W wydaniu internetowym „Rzeczpospolitej" z 28 maja Wojciech Tumidalski, tekstem pt. „Kraków mówi szach nowej KRS", wezwał Krajową Radę Sądownictwa, aby „porządnie zbadała i wysłuchała tych, którzy mają coś do powiedzenia o metodach zarządzania sądem [Okręgowym w Krakowie] przez panią prezes [tj. niżej podpisaną]". Autor nie przytacza zarzutów wobec mnie, odwołuje się do metod zarządzania przeze mnie Sądem Okręgowym w Krakowie „opisywanych w krakowskich uchwałach". Autor zapewne ma na myśli uchwały zebrań sędziów Sądu Okręgowego w Krakowie z 24 maja oraz Sądu Apelacyjnego w Krakowie z 28 maja b.r.
Nikomu nie groziłam
Pomijając sformułowania czysto ocenne, obydwie uchwały zarzucają mi przede wszystkim „grożenie im [sędziom] postępowaniami dyscyplinarnymi, dla wymuszenia rezygnacji ze sprawowanej funkcji bądź zmuszenia do obejmowania oznaczonych stanowisk" (tak w uchwale SA w Krakowie). Domyślam się, że chodzi o odwołanie przeze mnie trzech sędziów z funkcji przewodniczącego wydziału w SO w Krakowie. Dotychczas znalazłam następcę tylko na jedną z trzech zwolnionych funkcji. W świetle stawianych mi zarzutów przebieg wydarzeń był następujący: najpierw zażądałam od przewodniczących wydziałów rezygnacji wymuszonej groźbą postępowania dyscyplinarnego, następnie odwołałam ich mimo braku rezygnacji i w końcu ponownie groziłam dyscyplinarkami osobom, którym proponowałem objęcie funkcji przewodniczącego. Absurdalność takiego postępowania sama w sobie czyni go niewiarygodnym.
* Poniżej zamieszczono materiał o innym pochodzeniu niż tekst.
(* Let $C>0$. There is a constant $C_1>0$ depending only on $C$ such that for any image width $w\geqslant2$ and any two lines $l,k$ that are integer at an image of width $w$ with different elevations $e_1\neq e_2$, $$N\bigl(s(l,C)\cap s(k,C)\bigr)\leqslant\frac{C_1 w}{|e_1-e_2|}.$$
   Context: For a line $l\subset\mathbb{R}^2$ and $C>0$, $s(l,C)=\{r\in\mathbb{R}^2\mid\rho(r,l)\leqslant C/2\}$, $\rho$ the Euclidean distance. A line is mostly horizontal inclined to the right if it has equation $y=ax+b$ with $0\leqslant a\leqslant1$; it is integer at an image of width $w$ if $a=\frac{e}{w-1}$ for some $e\in\{0,1,\dots,w-1\}$, called its elevation. For $D\subseteq\mathbb{R}^2$, $N(D)=|\mathbb{Z}^2\cap D|$. *)

From Stdlib Require Import Reals List ZArith.
From Coquelicot Require Import Coquelicot.
Open Scope R_scope.

Definition point := (R * R)%type.
Definition region := point -> Prop.

Definition euclid (p q : point) : R :=
  sqrt ((fst p - fst q) ^ 2 + (snd p - snd q) ^ 2).

Definition line (a b : R) : region := fun p => snd p = a * fst p + b.

Definition rho (r : point) (l : region) : Rbar :=
  Glb_Rbar (fun d => exists p, l p /\ d = euclid r p).

Definition strip (l : region) (C : R) : region :=
  fun r => Rbar_le (rho r l) (Finite (C / 2)).

(* The line with elevation e in an image of width w:
   y = (e/(w-1)) x + b, e in {0, ..., w-1}. *)
Definition integer_line (w e : nat) (b : R) : region :=
  line (INR e / INR (w - 1)) b.

Definition inter (A B : region) : region := fun r => A r /\ B r.

Definition zpt (z : Z * Z) : point := (IZR (fst z), IZR (snd z)).

(* N(D) <= M : every finite set of lattice points in D has at most M
   elements (equivalently |Z^2 ∩ D| <= M, finiteness included). *)
Definition N_le (D : region) (M : R) : Prop :=
  forall L : list (Z * Z), NoDup L ->
    (forall z, In z L -> D (zpt z)) -> INR (length L) <= M.

(* A point within distance C/2 of the line y = a x + b lies within vertical distance
   (C/2) sqrt (1 + a^2) <= C of it, since the slopes lie in [0, 1].  For a lattice point
   in both strips, subtracting the two line equations confines its abscissa to an
   interval of length 4C/|a1 - a2| = 4C(w-1)/|e1 - e2|, and for each abscissa its
   ordinate lies in an interval of length 2C.  Counting the lattice points of this
   sheared box gives (4C(w-1)/|e1 - e2| + 2)(2C + 2) <= (4C+2)(2C+2) w/|e1 - e2|,
   because |e1 - e2| <= w - 1. *)
From Stdlib Require Import Reals List ZArith.
From Coquelicot Require Import Coquelicot.
From Stdlib Require Import Lra Lia.
Open Scope R_scope.

Lemma line_gap_le_dist (a b : R) (r p : point) :
  line a b p -> Rabs (snd r - a * fst r - b) <= sqrt (1 + a ^ 2) * euclid r p.
Proof.
  destruct r as [x y], p as [u v]; unfold line, euclid; simpl; intros ->.
  rewrite <- sqrt_mult_alt by nra.
  rewrite <- sqrt_Rsqr_abs; apply sqrt_le_1_alt; unfold Rsqr.
  (* Cauchy-Schwarz: the difference of the two sides is (a (y - a u - b) + (x - u))^2. *)
  assert (0 <= (a * (y - (a * u + b)) + (x - u)) ^ 2) by apply pow2_ge_0.
  nra.
Qed.

Lemma one_le_sqrt_1_add_sqr (a : R) : 1 <= sqrt (1 + a ^ 2).
Proof. rewrite <- sqrt_1 at 1; apply sqrt_le_1_alt; pose proof (pow2_ge_0 a); lra. Qed.

Lemma strip_line_gap (a b C : R) (r : point) :
  strip (line a b) C r -> Rabs (snd r - a * fst r - b) <= C / 2 * sqrt (1 + a ^ 2).
Proof.
  intros Hs.
  set (s := sqrt (1 + a ^ 2)).
  assert (Hs1 : 1 <= s) by apply one_le_sqrt_1_add_sqr.
  assert (Hlb : Rbar_le (Finite (Rabs (snd r - a * fst r - b) / s)) (rho r (line a b))).
  { apply Glb_Rbar_correct; intros d [p [Hp ->]]; simpl.
    apply Rmult_le_reg_l with s; [lra|].
    field_simplify; [apply line_gap_le_dist; exact Hp | lra]. }
  pose proof (Rbar_le_trans _ _ _ Hlb Hs) as Hle; simpl in Hle.
  apply Rmult_le_reg_r with (/ s); [apply Rinv_0_lt_compat; lra|].
  replace (C / 2 * s * / s) with (C / 2) by (field; lra).
  exact Hle.
Qed.

Lemma strip_line_vertical (a b C x y : R) :
  Rabs a <= 1 -> strip (line a b) C (x, y) -> Rabs (y - a * x - b) <= C.
Proof.
  intros Ha Hs; apply strip_line_gap in Hs; cbn [fst snd] in Hs.
  set (s := sqrt (1 + a ^ 2)) in Hs.
  assert (Hs1 : 1 <= s) by apply one_le_sqrt_1_add_sqr.
  assert (Hs2 : s <= 2).
  { replace 2 with (sqrt 4) by (rewrite <- (sqrt_pow2 2) by lra; f_equal; ring).
    apply sqrt_le_1_alt; apply Rabs_le_between in Ha; nra. }
  pose proof (Rabs_pos (y - a * x - b)).
  assert (HC : 0 <= C) by nra.
  assert (C / 2 * s <= C / 2 * 2) by (apply Rmult_le_compat_l; lra).
  lra.
Qed.

Lemma strips_abscissa_close (a1 a2 b1 b2 C x y : R) :
  a1 <> a2 ->
  Rabs (y - a1 * x - b1) <= C -> Rabs (y - a2 * x - b2) <= C ->
  Rabs (x - (b2 - b1) / (a1 - a2)) <= 2 * C / Rabs (a1 - a2).
Proof.
  intros Ha H1 H2.
  assert (Hd : 0 < Rabs (a1 - a2)) by (apply Rabs_pos_lt; lra).
  apply Rmult_le_reg_r with (Rabs (a1 - a2)); [exact Hd|].
  rewrite <- Rabs_mult.
  replace ((x - (b2 - b1) / (a1 - a2)) * (a1 - a2))
    with ((y - a2 * x - b2) - (y - a1 * x - b1)) by (field; lra).
  replace (2 * C / Rabs (a1 - a2) * Rabs (a1 - a2)) with (C + C) by (field; lra).
  eapply Rle_trans; [apply Rabs_triang|]; rewrite Rabs_Ropp; lra.
Qed.

Lemma NoDup_sheared_box_length (L : list (Z * Z)) (lo : Z) (F : Z -> Z) (nx ny : nat) :
  NoDup L ->
  (forall z, In z L -> (0 <= fst z - lo < Z.of_nat nx)%Z /\
                       (0 <= snd z - F (fst z) < Z.of_nat ny)%Z) ->
  (length L <= nx * ny)%nat.
Proof.
  intros HL Hin.
  set (g := fun z : Z * Z => (fst z - lo, snd z - F (fst z))%Z).
  assert (Hg : NoDup (map g L)).
  { apply NoDup_map_NoDup_ForallPairs; [|exact HL].
    intros [x y] [x' y'] _ _; unfold g; simpl; intros Hxy; inversion Hxy.
    assert (x = x') by lia; subst x'; f_equal; lia. }
  set (box := list_prod (map Z.of_nat (seq 0 nx)) (map Z.of_nat (seq 0 ny))).
  assert (Hincl : incl (map g L) box).
  { intros [i j] Hij; apply in_map_iff in Hij; destruct Hij as [[x y] [Hxy Hz]].
    unfold g in Hxy; simpl in Hxy; inversion Hxy; subst i j.
    destruct (Hin _ Hz) as [Hx Hy]; simpl in Hx, Hy.
    apply in_prod_iff; split; apply in_map_iff.
    - exists (Z.to_nat (x - lo)); split; [lia | apply in_seq; lia].
    - exists (Z.to_nat (y - F x)); split; [lia | apply in_seq; lia]. }
  pose proof (NoDup_incl_length Hg Hincl) as Hlen.
  unfold box in Hlen; rewrite length_map, length_prod, !length_map, !length_seq in Hlen.
  exact Hlen.
Qed.

Lemma lattice_window (r : R) : 0 <= r ->
  exists n : nat, INR n <= r + 2 /\
    forall (u : R) (k : Z), u <= IZR k <= u + r -> (0 <= k - Int_part u < Z.of_nat n)%Z.
Proof.
  intros hr.
  destruct (base_Int_part (r + 1)) as [Hr1 Hr2].
  assert (Hp : (0 <= Int_part (r + 1))%Z) by (apply le_IZR; lra).
  exists (S (Z.to_nat (Int_part (r + 1)))); split.
  - rewrite S_INR, INR_IZR_INZ, Z2Nat.id by lia; lra.
  - intros u k Hk.
    destruct (base_Int_part u) as [Hu1 Hu2].
    assert (H0 : (0 <= k - Int_part u)%Z) by (apply le_IZR; rewrite minus_IZR; lra).
    assert (H1 : (k - Int_part u - 1 < Int_part (r + 1))%Z)
      by (apply lt_IZR; rewrite !minus_IZR; lra).
    lia.
Qed.

Lemma N_le_le (D : region) (M M' : R) : M <= M' -> N_le D M -> N_le D M'.
Proof. intros HM HD L HL Hin; specialize (HD L HL Hin); lra. Qed.

Lemma N_le_sheared_box (D : region) (u rx ry : R) (g : Z -> R) :
  0 <= rx -> 0 <= ry ->
  (forall z, D (zpt z) ->
     u <= IZR (fst z) <= u + rx /\ g (fst z) <= IZR (snd z) <= g (fst z) + ry) ->
  N_le D ((rx + 2) * (ry + 2)).
Proof.
  intros Hrx Hry Hbox L HL Hin.
  destruct (lattice_window rx Hrx) as [nx [Hnx Hx]].
  destruct (lattice_window ry Hry) as [ny [Hny Hy]].
  assert (Hlen : (length L <= nx * ny)%nat).
  { apply (NoDup_sheared_box_length L (Int_part u) (fun x => Int_part (g x))); [exact HL|].
    intros z Hz; destruct (Hbox z (Hin z Hz)); split; auto. }
  apply le_INR in Hlen; rewrite mult_INR in Hlen.
  pose proof (pos_INR nx); pose proof (pos_INR ny).
  eapply Rle_trans; [exact Hlen | apply Rmult_le_compat; lra].
Qed.

Lemma integer_line_slope_bounds (w e : nat) :
  (2 <= w)%nat -> (e <= w - 1)%nat -> 0 <= INR e / INR (w - 1) <= 1.
Proof.
  intros Hw He.
  assert (HW : 0 < INR (w - 1)) by (apply lt_0_INR; lia).
  apply le_INR in He; pose proof (pos_INR e).
  split; [apply Rdiv_le_0_compat; lra|].
  apply Rmult_le_reg_r with (INR (w - 1)); [exact HW|].
  field_simplify; lra.
Qed.

Lemma integer_line_strip_vertical (w e : nat) (b C x y : R) :
  (2 <= w)%nat -> (e <= w - 1)%nat -> strip (integer_line w e b) C (x, y) ->
  Rabs (y - INR e / INR (w - 1) * x - b) <= C.
Proof.
  intros Hw He; apply strip_line_vertical.
  pose proof (integer_line_slope_bounds w e Hw He); apply Rabs_le; lra.
Qed.

Lemma elevation_gap_bounds (w e1 e2 : nat) :
  (e1 <= w - 1)%nat -> (e2 <= w - 1)%nat -> e1 <> e2 ->
  1 <= Rabs (INR e1 - INR e2) <= INR (w - 1).
Proof.
  intros He1 He2 Hne.
  apply le_INR in He1, He2; pose proof (pos_INR e1); pose proof (pos_INR e2).
  destruct (Nat.lt_total e1 e2) as [Hlt | [Heq | Hlt]]; [| contradiction |];
    apply le_INR in Hlt; rewrite S_INR in Hlt.
  - rewrite Rabs_left1 by lra; lra.
  - rewrite Rabs_pos_eq by lra; lra.
Qed.

Lemma elevation_box_size_le (C W d : R) : 0 <= C -> 1 <= d <= W ->
  (4 * C / (d / W) + 2) * (2 * C + 2) <= (4 * C + 2) * (2 * C + 2) * (W + 1) / d.
Proof.
  intros HC Hd.
  replace (4 * C / (d / W)) with (4 * C * W / d) by (field; lra).
  apply Rmult_le_reg_r with d; [lra|].
  replace ((4 * C * W / d + 2) * (2 * C + 2) * d) with ((4 * C * W + 2 * d) * (2 * C + 2))
    by (field; lra).
  replace ((4 * C + 2) * (2 * C + 2) * (W + 1) / d * d)
    with ((4 * C + 2) * (2 * C + 2) * (W + 1)) by (field; lra).
  nra.
Qed.

Theorem corollary1 (C : R) (hC : 0 < C) :
  exists C1 : R, 0 < C1 /\
    forall (w e1 e2 : nat) (b1 b2 : R),
      (2 <= w)%nat ->
      (e1 <= w - 1)%nat -> (e2 <= w - 1)%nat -> e1 <> e2 ->
      N_le (inter (strip (integer_line w e1 b1) C) (strip (integer_line w e2 b2) C))
           (C1 * INR w / Rabs (INR e1 - INR e2)).
Proof.
  exists ((4 * C + 2) * (2 * C + 2)); split; [nra|].
  intros w e1 e2 b1 b2 Hw He1 He2 Hne.
  set (W := INR (w - 1)); set (d := Rabs (INR e1 - INR e2)).
  set (a1 := INR e1 / W); set (a2 := INR e2 / W).
  assert (HW : INR w = W + 1) by (unfold W; rewrite minus_INR by lia; simpl; lra).
  assert (Hd : 1 <= d <= W) by now apply elevation_gap_bounds.
  assert (Hslope : Rabs (a1 - a2) = d / W).
  { unfold a1, a2, d; replace (INR e1 / W - INR e2 / W) with ((INR e1 - INR e2) / W)
      by (field; lra).
    rewrite Rabs_div, (Rabs_pos_eq W) by lra; reflexivity. }
  assert (Ha : a1 <> a2).
  { intros Heq; rewrite Heq, Rminus_diag, Rabs_R0 in Hslope.
    assert (0 < d / W) by (apply Rdiv_lt_0_compat; lra); lra. }
  set (rx := 4 * C / Rabs (a1 - a2)).
  apply (N_le_le _ ((rx + 2) * (2 * C + 2))).
  - unfold rx; rewrite HW, Hslope; apply elevation_box_size_le; [lra | exact Hd].
  - apply (N_le_sheared_box _ ((b2 - b1) / (a1 - a2) - 2 * C / Rabs (a1 - a2)) _ _
             (fun p => a1 * IZR p + b1 - C)); [| lra |].
    + unfold rx; apply Rdiv_le_0_compat; [lra | apply Rabs_pos_lt; lra].
    + intros [p q] [S1 S2]; cbn [fst snd zpt] in *.
      apply integer_line_strip_vertical in S1, S2; [| assumption ..].
      cbn [fst snd] in S1, S2; fold W a1 a2 in S1, S2.
      pose proof (strips_abscissa_close _ _ _ _ _ _ _ Ha S1 S2) as Hx.
      apply Rabs_le_between in Hx, S1; unfold rx; lra.
Qed.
Niemniej wyjaśniam, że nikomu nie groziłam postępowaniem dyscyplinarnym w razie niezłożenia rezygnacji z funkcji lub jej nieprzyjęcia, a przebieg wydarzeń był następujący:
29 stycznia br. sześciu członków kolegium SO w Krakowie (jednego z trzech organów sądu, obok prezesa i dyrektora) złożyło jednocześnie rezygnację. Trzech spośród z nich pełniło jednocześnie funkcję przewodniczącego wydziału w Sądzie Okręgowym. Nie wyciągnęłam wobec nich konsekwencji od razu, aby nie zaogniać atmosfery w trakcie wyborów nowych członków kolegium. Jednakże po wyborach całej trójce oświadczyłam – w obecności trzech wiceprezesów – że przyjęcie funkcji członka kolegium, a następnie zbiorowa rezygnacja z tej funkcji, jest działaniem nieodpowiedzialnym i osoby tak postępujące nie powinny pełnić funkcji przewodniczącego wydziału. Zgoda kolegium jest konieczna do delegowania sędziego rejonowego do składu w sądzie okręgowym (tzw. delegacje jednodniowe) i w chwili rezygnacji członków kolegium już były wyznaczone terminy rozpraw, w których mieli brać udział sędziowie delegowani. Jednoczesna rezygnacja ponad połowy członków kolegium spowodowała odwołanie tych rozpraw i tylko w tym kontekście wspomniałam, iż taka rezygnacja, skutkująca brakiem możliwości działania organu sądu, może zostać uznana za delikt dyscyplinarny. Następnie odwołałam trzech przewodniczących wydziału, byłych członków kolegium, właśnie z powołaniem się na ich nieodpowiedzialne postępowanie, sprzeczne z dobrem wymiaru sprawiedliwości. Objęcie zwolnionych funkcji proponowałam doświadczonym sędziom, lecz po wyrażeniu wstępnego zainteresowania osoby te rezygnowały. Tylko się domyślam, że przyczyną odmowy przyjęcia funkcji była presja wywierana przez inicjatorów przytoczonych na wstępie uchwał. W przypadku wydziału karnego odwoławczego jeden z sędziów zgodził się objąć funkcję przewodniczącego, lecz wycofał się, gdy zwołałam posiedzenie kolegium w celu wymaganego ustawą zaopiniowania tej osoby. Powstaje więc pytanie, czy to ja groziłam sędziom, czy też inni sędziowie grozili proponowanym przeze mnie kandydatom do funkcji przewodniczącego?
Cała gama zdarzeń
Wracając do jedynego powołanego przeze mnie przewodniczącego wydziału wspomnę, że kolegium SO i w tym przypadku usiłowało uniemożliwić mi jego powołanie. Podczas opiniowania tej kandydatury członkowie kolegium wyrazili swoje opinii ustnie, a następnie odmówili głosowania. Sędzia Waldemar Żurek sugerował, że „będę mieć z tego powodu problemy" i „żebym dobrze przemyślała swoją decyzję". W poniedziałek mój kandydat został opisany w „Gazecie Wyborczej". W artykule ujawniano jako sensacyjną treść prywatnej rozmowy między nim a byłą przewodniczącą wydziału – sędzią Agnieszką Włodygą.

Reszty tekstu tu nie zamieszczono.